Both cases are the result of library/runtime/env designer not thinking about the crowd. If csv.esc(s) and json(x) were available right away, without imports even, you wouldn’t have to decide whether it’s fine. Fmt should just have %j.

Specifically json and unjson I make globally available in all my projects. If I used csv more often than once in a decade, I’d have csvesc(s) too.

Sometimes you read some stdlib reference and wonder what they were thinking with things like System.out.println and without one-line one-arg readtext(), tojson(), fetch() and so on. It’s like a kitchen with all appliances still in boxes and all utensils in a tight vacuum cover. Everything is there, but preparation friction makes it absolutely unusable.

I don't think the problem we are talking about is lazy programmers or the availability of libraries.

People think hard things should be easy and with less "friction". If I want to output a string why should I have to know what the difference between stdout and stderr is? If I write CSV to a file why do I need to know the difference between CRLF and LF, and UTF-8 and UTF-16 or what a BOM is? At the end of all of this you end up with a company named 'W""oopWoop;' crashing the banking industry.

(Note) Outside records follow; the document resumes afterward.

(* The following algorithm is a linearizable, sequentially-exact, wait-free and fence-free implementation of RangeMaxRegister. It uses only atomic Read/Write objects and has constant step complexity in all its operations. The shared object is an atomic Read/Write register $R$ initialized to $1$. Each process has a persistent local variable $r$ initialized to $1$. ${\sf RMaxWrite}(x)$: $r\leftarrow\max\{r,R.{\sf Read}()\}$; if $x>r$ then $\{r\leftarrow x,\ R.{\sf Write}(x)\}$; return true. ${\sf RMaxRead}()$: $r\leftarrow\max\{r,R.{\sf Read}()\}$; return $r$.
   Context: Model: $n\ge2$ asynchronous, crash-prone processes $p_0,\dots,p_{n-1}$ communicate through atomic base objects. Each atomic base-object operation is one step. The notation $\{I_1,I_2\}$ means the two instructions may be executed in either order. RangeMaxRegister (sequential specification). States are $n$-vectors $(r_0,\dots,r_{n-1})$ of natural numbers, with initial state $(1,\dots,1)$. Invocations by $p_i$ carry subscript $i$. - ${\sf RMaxWrite}_i(x)$ sets $r_i\leftarrow x$ if $x>r_i$ (otherwise leaves the state unchanged) and returns true. - ${\sf RMaxRead}_i()$ may return any $x\in\{r_i,r_i+1,\dots,\max(r_0,\dots,r_{n-1})\}$, and sets $r_i\leftarrow x$. MaxRegister (sequential specification, initial value $1$). MaxWrite$(v)$ writes $v$ only if $v$ exceeds the largest value written so far. MaxRead returns the largest value written so far. Properties: - Linearizable: every finite execution admits a total order of its completed (and possibly some pending) operations that is a sequential execution of the specification, respects real-time order, and agrees on inputs and outputs. - Sequentially-exact: every sequential execution of the algorithm (one in which no two operations overlap) is a sequential execution of MaxRegister, with RMaxRead and RMaxWrite read as MaxRead and MaxWrite. - Wait-free: every operation of a process that keeps taking steps completes in finitely many of its own steps. - Fence-free: the algorithm requires no ordering among its steps beyond data dependence. - Step complexity: the maximum number of steps needed to complete an operation. *)

From mathcomp Require Import all_boot.
Unset Printing Implicit Defensive.

(* Operations and responses (shared by RangeMaxRegister and MaxRegister;     *)
(* RMaxWrite/RMaxRead are read as MaxWrite/MaxRead for sequential exactness) *)
Inductive op := RMaxWrite (x : nat) | RMaxRead.
Inductive res := Rbool (b : bool) | Rnat (v : nat).

Inductive event (n : nat) := Inv (i : 'I_n) (o : op) | Res (i : 'I_n) (r : res).
Arguments Inv {n}. Arguments Res {n}.

Definition proc_of n (e : event n) : 'I_n :=
  match e with Inv i _ => i | Res i _ => i end.
Arguments proc_of {n}.

Record seq_spec (n : nat) := SeqSpec {
  sst : Type;
  sinit : sst;
  sstep : sst -> 'I_n -> op -> res -> sst -> Prop }.
Arguments sst {n}. Arguments sinit {n}. Arguments sstep {n}.

Fixpoint legal n (S : seq_spec n) (s : sst S) (l : seq ('I_n * op * res)) : Prop :=
  match l with
  | [::] => True
  | (i, o, r) :: l' => exists s', @sstep n S s i o r s' /\ @legal n S s' l'
  end.
Arguments legal {n} S s l.

Definition rmr_step n (s : 'I_n -> nat) (i : 'I_n) (o : op) (r : res)
    (s' : 'I_n -> nat) : Prop :=
  match o with
  | RMaxWrite x =>
      r = Rbool true /\
      (forall j, s' j = if j == i then (if s i < x then x else s i) else s j)
  | RMaxRead =>
      exists x, r = Rnat x /\ s i <= x /\ x <= \max_(j < n) s j /\
      (forall j, s' j = if j == i then x else s j)
  end.

Definition RangeMaxRegister (n : nat) : seq_spec n :=
  @SeqSpec n ('I_n -> nat) (fun _ => 1) (@rmr_step n).

Definition mr_step n (s : nat) (i : 'I_n) (o : op) (r : res) (s' : nat) : Prop :=
  match o with
  | RMaxWrite v => r = Rbool true /\ s' = (if s < v then v else s)
  | RMaxRead => r = Rnat s /\ s' = s
  end.

Definition MaxRegister (n : nat) : seq_spec n :=
  @SeqSpec n nat 1 (@mr_step n).

(* LStep i  = one atomic base-object step of process i;
   LEnv     = a memory-system action (only used in the relaxed semantics,
              where it makes a buffered write take effect). *)
Inductive label (n : nat) :=
  | LInv (i : 'I_n) (o : op) | LRes (i : 'I_n) (r : res)
  | LStep (i : 'I_n) | LEnv.
Arguments LInv {n}. Arguments LRes {n}. Arguments LStep {n}. Arguments LEnv {n}.

Record impl (n : nat) := Impl {
  icfg : Type;
  iinit : icfg;
  istep : icfg -> label n -> icfg -> Prop }.
Arguments icfg {n}. Arguments iinit {n}. Arguments istep {n}.

Inductive exec n (I : impl n) : icfg I -> seq (label n) -> icfg I -> Prop :=
  | ex_nil c : exec n I c [::] c
  | ex_cons c l c' ls c'' :
      istep I c l c' -> exec n I c' ls c'' -> exec n I c (l :: ls) c''.
Arguments exec {n}.

Definition label_event n (l : label n) : option (event n) :=
  match l with
  | LInv i o => Some (Inv i o)
  | LRes i r => Some (Res i r)
  | _ => None
  end.

Definition history n (ls : seq (label n)) : seq (event n) := pmap (@label_event n) ls.
Arguments history {n}.

Definition matched n (h : seq (event n)) (k k' : nat) (r : res) : Prop :=
  exists i o, onth h k = Some (Inv i o) /\ k < k' /\ onth h k' = Some (Res i r) /\
    (forall j e, k < j < k' -> onth h j = Some e -> proc_of e <> i).
Arguments matched {n}.

(* A linearization L lists operations (by their invocation index in h) with
   their process, invocation and (possibly chosen) response:
   - it contains every completed operation, with its actual response,
   - possibly some pending operations, with some response,
   - each operation at most once,
   - it is a sequential execution of the specification,
   - it respects the real-time order of h. *)
Definition linearizable_hist n (S : seq_spec n) (h : seq (event n)) : Prop :=
  exists L : seq (nat * ('I_n * op * res)),
    (forall j k i o r, onth L j = Some (k, (i, o, r)) ->
        onth h k = Some (Inv i o) /\
        (forall k' r', matched h k k' r' -> r = r')) /\
    (forall k k' r, matched h k k' r -> exists j i o, onth L j = Some (k, (i, o, r))) /\
    (forall j1 j2 k x1 x2, onth L j1 = Some (k, x1) -> onth L j2 = Some (k, x2) ->
        j1 = j2) /\
    legal S (sinit S) (map snd L) /\
    (forall j1 j2 k1 k2 x1 x2 k1' r1,
        onth L j1 = Some (k1, x1) -> onth L j2 = Some (k2, x2) ->
        matched h k1 k1' r1 -> k1' < k2 -> j1 < j2).
Arguments linearizable_hist {n}.

Definition linearizable n (S : seq_spec n) (I : impl n) : Prop :=
  forall ls c, exec I (iinit I) ls c -> linearizable_hist S (history ls).
Arguments linearizable {n}.

Inductive seqhist n : seq (event n) -> seq ('I_n * op * res) -> Prop :=
  | SH_nil : seqhist n [::] [::]
  | SH_pend i o : seqhist n [:: Inv i o] [::]
  | SH_cons i o r h l : seqhist n h l -> seqhist n (Inv i o :: Res i r :: h) ((i, o, r) :: l).
Arguments seqhist {n}.

Definition sequentially_exact n (I : impl n) : Prop :=
  forall ls c l, exec I (iinit I) ls c -> seqhist (history ls) l ->
    legal (MaxRegister n) (sinit (MaxRegister n)) l.
Arguments sequentially_exact {n}.

Definition is_action_of n (i : 'I_n) (l : label n) : bool :=
  match l with LStep j => j == i | LRes j _ => j == i | _ => false end.
Definition is_step_of n (i : 'I_n) (l : label n) : bool :=
  match l with LStep j => j == i | _ => false end.
Definition is_res_of n (i : 'I_n) (l : label n) : bool :=
  match l with LRes j _ => j == i | _ => false end.
Arguments is_action_of {n}. Arguments is_step_of {n}. Arguments is_res_of {n}.

Definition inf_exec n (I : impl n) (sched : nat -> label n) : Prop :=
  exists cs : nat -> icfg I, cs 0 = iinit I /\
    forall t, istep I (cs t) (sched t) (cs t.+1).
Arguments inf_exec {n}.

Definition wait_free n (I : impl n) : Prop :=
  forall sched, inf_exec I sched ->
  forall k i o, sched k = LInv i o ->
    (forall T, exists t, T <= t /\ is_action_of i (sched t)) ->
    exists t r, k < t /\ sched t = LRes i r.
Arguments wait_free {n}.

Definition step_complexity_le n (I : impl n) (c : nat) : Prop :=
  forall ls cf, exec I (iinit I) ls cf ->
  forall k i o m, onth ls k = Some (LInv i o) ->
    ~~ has (is_res_of i) (take m (drop k.+1 ls)) ->
    count (is_step_of i) (take m (drop k.+1 ls)) <= c.
Arguments step_complexity_le {n}.

Inductive pcs :=
  | Idle
  | WBegin (x : nat)    (* RMaxWrite(x): about to read R            *)
  | WDoWrite (x : nat)  (* RMaxWrite(x): x > r, about to write R    *)
  | WDone               (* RMaxWrite: about to return true           *)
  | RBegin              (* RMaxRead: about to read R                 *)
  | RDone (v : nat).    (* RMaxRead: about to return v               *)

(* aR: the shared register R; aloc i: the persistent local r of p_i;
   abuf: writes issued but not yet taken effect (relaxed semantics only). *)
Record acfg (n : nat) := ACfg {
  aR : nat; aloc : 'I_n -> nat; apc : 'I_n -> pcs; abuf : seq nat }.
Arguments ACfg {n}. Arguments aR {n}. Arguments aloc {n}. Arguments apc {n}. Arguments abuf {n}.

Definition upd n T (f : 'I_n -> T) (i : 'I_n) (v : T) : 'I_n -> T :=
  fun j => if j == i then v else f j.
Arguments upd {n T}.

(* relaxed = false: sequentially consistent semantics, each R.Read/R.Write is
   an atomic step.  relaxed = true: a Write by a process only enters a pending
   pool and takes effect at an arbitrary later moment (LEnv), in arbitrary
   order; thus the only ordering kept among the steps of a process is data
   dependence (a write depends on the preceding read of its operation). *)
Definition alg_step (relaxed : bool) n (c : acfg n) (l : label n) (c' : acfg n) : Prop :=
  match l with
  | LInv i (RMaxWrite x) =>
      apc c i = Idle /\ c' = ACfg (aR c) (aloc c) (upd (apc c) i (WBegin x)) (abuf c)
  | LInv i RMaxRead =>
      apc c i = Idle /\ c' = ACfg (aR c) (aloc c) (upd (apc c) i RBegin) (abuf c)
  | LStep i =>
      match apc c i with
      | WBegin x =>
          let r := maxn (aloc c i) (aR c) in
          c' = ACfg (aR c) (upd (aloc c) i r)
                    (upd (apc c) i (if r < x then WDoWrite x else WDone)) (abuf c)
      | WDoWrite x =>
          if relaxed then
            c' = ACfg (aR c) (upd (aloc c) i x) (upd (apc c) i WDone) (x :: abuf c)
          else
            c' = ACfg x (upd (aloc c) i x) (upd (apc c) i WDone) (abuf c)
      | RBegin =>
          let r := maxn (aloc c i) (aR c) in
          c' = ACfg (aR c) (upd (aloc c) i r) (upd (apc c) i (RDone r)) (abuf c)
      | _ => False
      end
  | LRes i rs =>
      match apc c i, rs with
      | WDone, Rbool true =>
          c' = ACfg (aR c) (aloc c) (upd (apc c) i Idle) (abuf c)
      | RDone v, Rnat w =>
          v = w /\ c' = ACfg (aR c) (aloc c) (upd (apc c) i Idle) (abuf c)
      | _, _ => False
      end
  | LEnv =>
      relaxed /\ exists b1 v b2, abuf c = b1 ++ v :: b2 /\
        c' = ACfg v (aloc c) (apc c) (b1 ++ b2)
  end.

Definition alg_init n : acfg n := ACfg 1 (fun _ => 1) (fun _ => Idle) [::].

Definition alg (relaxed : bool) (n : nat) : impl n :=
  @Impl n (acfg n) (alg_init n) (@alg_step relaxed n).

(* Fence-freedom: the algorithm remains a linearizable implementation of
   RangeMaxRegister when its steps are only ordered by data dependence
   (writes may take effect arbitrarily late and out of order). *)
Definition fence_free (n : nat) : Prop :=
  linearizable (RangeMaxRegister n) (alg true n).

So no, you should know all of that, and more or get the fuck out of my industry.

For me it is. I feel the friction and how it disrupts the parallel flow of multiple lines of thought on the code, cause you have to stop and implement a stupid method. Also have seen this many times in less experienced or less patient programmers, who inlined lots of code that should have been a library and cut corners in there due to time, mental and other pressures. Providing them a set of tools they could paste (poor platform) into a globally loaded module improved their jobs a lot.

I think the high horse here is a bad point cause it simply claims it must be hard for no good reason. It’s not even complexity-wise hard, you just have to (metaphotically) unpack your instruments every time you use them. That’s bs at all experience levels and it must be obvious to anyone who works in a shop. Ime, the problem isn’t knowledge, but inconvenience.

It's not hard to do correctly. If you employ people to write SQL who can't tell the difference between string concatenation and parameterised queries, then your bar is too low. This can be learned in under an hour[0], and is the most fundamental thing to bear in mind when writing a query.

[0] https://cheatsheetseries.owasp.org/cheatsheets/SQL_Injection...

> is common advice for handling SQL

Are we still passing SQL statements and data to the SQL back end as single string instead of passing them separately? Why would you even need to escape SQL data in 2024?

One example that I found is that some libraries/databases don't allow DDL statements to be parameterised - so if you are managing tables and columns from code and those names came from end users then you should be checking them.
Agencies like this /already/ have plenty of other restrictions on what names are permissible, this is just a new one.

Most are to do with ones which could be misleading, eg you can’t have ‘bank’ in the name unless you are, well, an actual bank.